In the words of baseball legend Yogi Berra, "It's déjà vu all over again" for U.S. farmers hoping for a quick resolution to the nearly 12-month retaliatory tariff battle between the U.S. and Chinese trade officials.
Following an announcement from the Trump administration May 10 to increase tariffs from 10% to 25% on $200 billion worth of Chinese products, China announced today that effective June 1, 2019, it will be increasing tariffs to 20% or 25% on $60 billion of U.S. exports.
Nearby and new-crop soybeans on the Chicago Board of Trade (CBOT) closed down 9 cents from last Friday’s opening bids, while contracts for nearby and new-crop corn actually closed up 4 cents. Meanwhile, the Dow Jones Industrial Average fell 671 points, or 2.6%, to 25,271, heading for its biggest one-day loss since January. The S&P 500 dropped 2.5% and the Nasdaq Composite declined 3.4%.
The tit-for-tat tariff announcements were made even as trade negotiators were meeting in Washington, D.C., proving another famed “Yogi-ism” — “It ain't over till it's over." The U.S. increase in these particular round of tariff announcements had been delayed twice since Sept. 21, 2018.
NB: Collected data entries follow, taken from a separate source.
Lemma tight_cut_card (X : {set V}) :
  tight src tgt (cut src tgt X) -> #|X :&: A| < #|X :&: ~: A| ->
  #|X :&: ~: A| = #|X :&: A| + 1.
Proof.
move=> tX lt; have /card_gt0P[v _] : 0 < #|X :&: ~: A| by lia.
have /card_gt0P[g _] : 0 < deg src tgt setT v by rewrite cub.
by have [M pmM _] := perfect_matching_through g; case: (tight_cut_matching tX lt pmM).
Qed.

Lemma tight_cut_of_deficit (X : {set V}) : crossA setT X = set0 ->
  #|X :&: ~: A| = #|X :&: A| + 1 -> tight src tgt (cut src tgt X).
Proof.
move=> noA cardX M pmM; rewrite setIC card_cutI.
have := subset_leq_card (crossAS X (subsetT M)); rewrite noA cards0.
by have := regular_balance X pmM; rewrite !mul1n; lia.
Qed.

Section LambdaMatchability.
Variables (a b : V).
Hypotheses (aA : a \in A) (bB : b \notin A).

Lemma tight_cut_not_lambda (X : {set V}) :
  tight src tgt (cut src tgt X) -> a \in X -> b \notin X -> #|X :&: A| < #|X :&: ~: A| ->
  ~ lambda_matchable src tgt a b.
Proof.
move=> tX aX bX lt [F abF].
have := lambda_balance aA bB abF aX bX; have := tight_cut_card tX lt.
move=> cardX balF; have /card_gt0P[g gF] : 0 < #|crossA F X| by lia.
have [M pmM gM] := perfect_matching_through g.
have [+ _] := tight_cut_matching tX lt pmM; apply/eqP; rewrite -lt0n.
by apply/card_gt0P; exists g; move: gF; rewrite !inE gM => /andP[_ ->].
Qed.

(* The balance of [H] forces [#|X :&: A| = #|X :&: ~: A|], so [F] would need
   two edges leaving [X] from its [A]-side, where [e] is the only one. *)
Lemma two_cut_not_lambda e (X : {set V}) : joins src tgt e a b ->
  #|cut src tgt X| = 2 -> e \in cut src tgt X -> ~ lambda_matchable src tgt a b.
Proof.
rewrite joins_ends // => /andP[/eqP ea /eqP eb] cX eX.
wlog aX : X cX eX / a \in X.
  move=> gen; case: (boolP (a \in X)) => aX; first exact: gen aX.
  by move: (gen (~: X)); rewrite cutC in_setC; apply.
move=> [F abF].
have bX : b \notin X by move: eX; rewrite in_cut_ends ea eb aX; case: (b \in X).
have eA : 0 < #|crossA setT X| by apply/card_gt0P; exists e; rewrite !inE ea eb aX bX.
have := card_cutI setT X; rewrite setTI cX.
have := subset_leq_card (crossAS X (subsetT F)).
have := regular_balance X cub; have := lambda_balance aA bB abF aX bX.
lia.
Qed.

Lemma tight_separation_Xminus : tight_separation a b ->
  (forall e, ~~ joins src tgt e a b) /\ exists X : {set V}, odd #|X| /\
    tight src tgt (cut src tgt X) /\ a \in Xminus A X /\ b \in Xminus A (~: X).
Proof.
case=> noab [X [tX [aX [bX [lt1 lt2]]]]]; split=> //; exists X.
rewrite mem_Xminus_in // mem_Xminus_notin // inE aX bX (ltnW lt2); split=> //.
by rewrite -(cardsIC A X) ![_ :&: X]setIC (tight_cut_card tX lt1) addnA addnn oddD odd_double.
Qed.

Hypothesis conn : connected src tgt.

(* Counting edges across [cut X] with the cubic balance leaves exactly three
   possibilities: no crossing edge (impossible, [H] is connected), a 2-cut
   through the unique [ab]-edge, or a tight cut with all edges entering [X]. *)
Lemma obstruction_of_separator (X : {set V}) : a \in X -> b \notin X ->
  (forall e, endA e \in X -> endB e \notin X -> joins src tgt e a b) ->
  #|X :&: ~: A| + edge_mult src tgt a b <= #|X :&: A| + 1 ->
  two_cut_edge src tgt a b \/ tight_separation a b.
Proof.
move=> aX bX leaving small.
have crossAE : crossA setT X = [set e | joins src tgt e a b].
  apply/setP => e; rewrite !inE /= joins_ends //.
  apply/idP/idP => [/andP[eX eX'] | /andP[/eqP -> /eqP ->]]; last by rewrite aX bX.
  by rewrite -joins_ends //; apply: leaving.
have bal := regular_balance X cub; have cutX := card_cutI setT X.
rewrite setTI crossAE -/(edge_mult src tgt a b) in bal cutX.
have [k1 | k0] : edge_mult src tgt a b = 1 \/ edge_mult src tgt a b = 0 by lia.
- left; have /cards1P[e eE] : #|[set e | joins src tgt e a b]| == 1 by apply/eqP.
  have je : joins src tgt e a b by have := set11 e; rewrite -eE inE.
  exists e; split=> //; split=> [e' je' | ]; first by apply/set1P; rewrite -eE inE.
  exists X; split; first lia.
  by move: je; rewrite joins_ends // in_cut_ends => /andP[/eqP -> /eqP ->]; rewrite aX bX.
- have cut0 := cut_neq0 conn aX bX; rewrite -card_gt0 in cut0.
  right; split=> [e | ].
    by apply/negP => je; move: k0; rewrite /edge_mult (cardsD1 e) inE je.
  have cardX : #|X :&: ~: A| = #|X :&: A| + 1 by lia.
  exists X; split.
    by apply: tight_cut_of_deficit cardX; apply/eqP; rewrite crossAE -cards_eq0; apply/eqP.
  do 3!split=> //; first lia.
  by have := cardsIC X A; have := cardsIC X (~: A); have := card_classes; lia.
Qed.

Lemma obstruction_of_parallel_edges c : c != b -> 1 < edge_mult src tgt a c ->
  two_cut_edge src tgt a b \/ tight_separation a b.
Proof.
move=> cb multc; set N := nbrs src tgt a :\ b.
apply: (obstruction_of_separator (X := a |: N)).
- exact: setU11.
- by rewrite !inE eqxx /= orbF; apply: contraNneq bB => ->.
- move=> e; rewrite !inE => /orP[/eqP ea | /andP[_ /(adj_notin aA)]]; last by rewrite endA_in.
  rewrite negb_or negb_and negbK => /andP[_ /orP[/eqP eb | nadj]].
    by rewrite joins_ends // ea eb !eqxx.
  by case/negP: nadj; apply/existsP; exists e; rewrite joins_ends ?ea ?eqxx ?endB_notin.
- have sXB : (a |: N) :&: ~: A \subset N.
    by apply/subsetP => v; rewrite !inE => /andP[/orP[/eqP -> | ->] //]; rewrite aA.
  have aXA : 0 < #|(a |: N) :&: A| by apply/card_gt0P; exists a; rewrite !inE eqxx aA.
  have := deg_nbrs_mult src tgt a b; rewrite cub (bigD1 c) //= -/N.
  by have := subset_leq_card sXB; lia.
Qed.

(* Without parallel edges at a or b, an (a,b)-matching consists of the edges at
   a and b together with a perfect matching between [restA] and [restB]. *)
Section SimpleEnds.
Hypotheses (simple_a : forall y, y != b -> edge_mult src tgt a y <= 1)
           (simple_b : forall y, y != a -> edge_mult src tgt b y <= 1).

Let restA := A :\: (a |: nbrs src tgt b).
Let restB := ~: A :\: (b |: nbrs src tgt a).

Lemma card_restB_le_restA : #|restB| <= #|restA|.
Proof.
have da := deg_simple_nbrs simple_a; have db := deg_simple_nbrs simple_b.
rewrite cub in da; rewrite cub edge_multC in db.
have sLA : a |: nbrs src tgt b \subset A.
  by apply/subsetP => v; rewrite !inE => /orP[/eqP -> // | /(adj_in bB)].
have sRB : b |: nbrs src tgt a \subset ~: A.
  by apply/subsetP => v; rewrite !inE => /orP[/eqP -> // | /(adj_notin aA)].
rewrite /restA /restB !cardsD (setIidPr sLA) (setIidPr sRB) !cardsU1 -card_classes.
rewrite (cardsD1 a (nbrs src tgt b)) (cardsD1 b (nbrs src tgt a)).
suff -> : #|nbrs src tgt a :\ b| = #|nbrs src tgt b :\ a| by rewrite !addnA !addn_negb.
by apply/eqP; rewrite -(eqn_add2l (edge_mult src tgt a b)) -da -db.
Qed.

Lemma lambda_degree v : v != a -> v != b ->
  edge_mult src tgt a v + edge_mult src tgt b v + (v \in restA :|: restB) = 1.
Proof.
move=> va vb; rewrite (edge_mult_simple (simple_a vb)) (edge_mult_simple (simple_b va)).
rewrite /restA /restB !inE (negbTE va) (negbTE vb) /=.
case: (boolP (v \in A)) => vA /=.
  have -> : adj src tgt a v = false by apply: contraTF vA => /(adj_notin aA).
  by case: (adj src tgt b v).
have -> : adj src tgt b v = false by apply: contraNF vA => /(adj_in bB).
by case: (adj src tgt a v).
Qed.

Lemma lambda_matchable_of_hall : hall_condition (adj src tgt) restA restB ->
  lambda_matchable src tgt a b.
Proof.
move=> hall; have [f fsat] := hall_saturating hall.
have [M degM] := matching_of_saturating (subsetDl _ _) (subsetDl _ _) card_restB_le_restA fsat.
have Mab e : e \in M -> ~~ inc src tgt e a && ~~ inc src tgt e b.
  by move=> eM; apply/andP; split; apply: (deg0_notinc _ eM);
    rewrite degM /restA /restB !inE eqxx /= ?aA ?(negbTE bB) ?andbF.
exists (star src tgt a :|: star src tgt b :|: M); split; [|split].
- by rewrite deg_full ?cub //; apply/subsetP => e; rewrite !inE => ->.
- by rewrite deg_full ?cub //; apply/subsetP => e; rewrite !inE => ->; rewrite orbT.
move=> v va vb; have av : a != v by rewrite eq_sym. have bv : b != v by rewrite eq_sym.
rewrite -(lambda_degree va vb) -degM -(deg_star src tgt av) -(deg_star src tgt bv) !deg_setU //.
- move=> e; rewrite !inE (incA _ aA) (incB _ bB) => /eqP ea /eqP eb.
  by rewrite inc_ends ea eb ![_ == v]eq_sym (negbTE va) (negbTE vb).
- by move=> e; rewrite !inE => /orP[] abe /Mab; rewrite abe ?andbF.
Qed.

Lemma obstruction_of_hall_violation (S : {set V}) : S \subset restA ->
  #|nbhd (adj src tgt) restB S| < #|S| -> two_cut_edge src tgt a b \/ tight_separation a b.
Proof.
move=> sSL deficient; set T := nbhd (adj src tgt) restB S; set N := nbrs src tgt a :\ b.
have SA x : x \in S -> [&& x \in A, x != a & ~~ adj src tgt b x].
  by move/(subsetP sSL); rewrite /restA !inE negb_or andbC.
have TB y : y \in T -> y \notin A by rewrite /T /restB !inE => /andP[/andP[_ ->]].
have NB y : y \in N -> y \notin A by rewrite !inE => /andP[_ /(adj_notin aA)].
have aS : a \notin S by apply/negP => /SA; rewrite eqxx andbF.
apply: (obstruction_of_separator (X := a |: S :|: (T :|: N))).
- by rewrite !inE eqxx.
- rewrite !in_setU !in_set1 negb_or; apply/andP; split.
    by apply/norP; split; [apply: contraNneq bB => -> | apply: contraNN bB => /SA/andP[]].
  by apply/norP; split; rewrite !inE eqxx.
- move=> e; rewrite !in_setU in_set1 => /orP[/orP[/eqP ea | eS] | /orP[/TB | /NB]];
    rewrite ?endA_in // !negb_or => /andP[/andP[_ eS'] /andP[eT eN]].
  + move: eN; rewrite !inE -ea adj_ends andbT negbK => /eqP eb.
    by rewrite joins_ends ?endA_in // eb !eqxx.
  + have eb : endB e != b.
      by apply: (contraTneq _ (SA _ eS)) => eb; rewrite -eb adjC adj_ends !andbF.
    move: eN; rewrite !inE eb /= => naeB; case/negP: eT.
    rewrite /T /restB !inE endB_notin (negbTE eb) (negbTE naeB) /=; apply/existsP; exists (endA e).
    by rewrite eS adj_ends.
- have sXB : (a |: S :|: (T :|: N)) :&: ~: A \subset T :|: N.
    apply/subsetP => v; rewrite !inE => /andP[/orP[/orP[/eqP -> | /SA/and3P[-> _ _]] | ->] //].
    by rewrite aA.
  have sXA : a |: S \subset (a |: S :|: (T :|: N)) :&: A.
    apply/subsetP => v; rewrite !inE => /orP[/eqP -> | vS]; first by rewrite eqxx aA.
    by have /and3P[-> _ _] := SA v vS; rewrite vS !orbT.
  have := deg_simple_nbrs simple_a; rewrite cub -/N.
  have := subset_leq_card sXB; have := subset_leq_card sXA.
  by move: deficient; rewrite cardsU1 aS cardsU -/T /=; lia.
Qed.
According to Michigan Farm Bureau (MFB) Commodity Department Manager Ernie Birchmeier, additional tariff duties were set to increase to 25% on Jan. 1, but on Dec. 19, the U.S. Trade Representative published a new directive in the Federal Register, postponing the increase in the rate of the additional duty to 25% until March 2.
“After considerable negotiation between the United States and China, on Feb. 24, the president directed the USTR to again postpone the increase in tariffs,” Birchmeier said. “That obviously created high expectations for an end to the tariff threats — but it’s safe to say the bump from 10% to 25% on May 10 ends the speculation as to when/if the increase in tariffs would occur.”
It also puts a positive outcome for U.S. farmers in serious doubt — at least for the 2019 crop year — even as planters have yet to hit the fields due to continued weather delays across the mid-west.
Agricultural goods subject to the increased retaliatory tariffs by China include citrus fruits, vegetables, berries, nuts and other products. China retaliated in September 2018 to the U.S. tariff on $200 billion of Chinese exports by imposing 5% and 10% tariffs on $60 billion of goods, including major U.S. agricultural commodities soybeans, beef, pork, and corn, to name a few items.
The 10% tariff was imposed by the U.S. on $200 billion of Chinese imports in September 2018. The tariffs were levied because of a Section 301 investigation into China’s treatment of U.S. business regarding forced technology transfer and intellectual property protection.
“While the negotiations with the delegation from China last week in Washington, D.C., did not result in an agreement, the trade negotiations are continuing,” Birchmeier said. “Farm Bureau continues to urge trade officials to engage in discussions with their Chinese counterparts to resolve trade concerns.”
The American Soybean Association (ASA) is also calling for a quick resolution. In a press release issued today, ASA President Davie Stephens, a soybean grower from Clinton, Kentucky, called the trade negotiations serious for U.S. agriculture.
“The U.S. has been at the table with China 11 times now and still has not closed the deal,” Stephens said. “What that means for soybean growers is that we’re losing. Losing a valuable market, losing stable pricing, losing an opportunity to support our families and our communities.”
The soybean industry realizes the Administration’s reasons for trying to force China to make structural changes to its predatory economic policies, including forced technology transfers, intellectual property theft, and subsidies to state-owned enterprises. Yet, ASA continues to recommend that the U.S. achieve these goals through coordinated actions with like-minded developed countries. “We’ve been understanding during this negotiation process, but we cannot withstand another year in which our most important foreign market continues to slip away and soybean prices are 20 to 25 percent, or even more, below pre-tariff levels,” said John Heisdorffer, ASA chairman and a Keota, Iowa, soy grower. “The sentiment out in farm country is getting grimmer by the day. Our patience is waning, our finances are suffering, and the stress from months of living with the consequences of these tariffs is mounting.”
While the ASA said it supports the Trump Administration's overall goals in trade negotiations, it cannot support continuing and escalating the use of tariffs to achieve them. ASA is calling for the elimination of China’s 25 percent tariff on U.S. soybeans and the use of other tactics to pursue the structural changes the U.S. is seeking in China’s economic policies, including working with like-minded countries.
“The soybean market in China took us more than 40 years to build, and as this confrontation continues, it will become increasingly difficult to recover,” Stephens said. “With depressed prices and unsold stocks expected to double by the 2019 harvest, soybean farmers are not willing to be collateral damage in an endless tariff war.”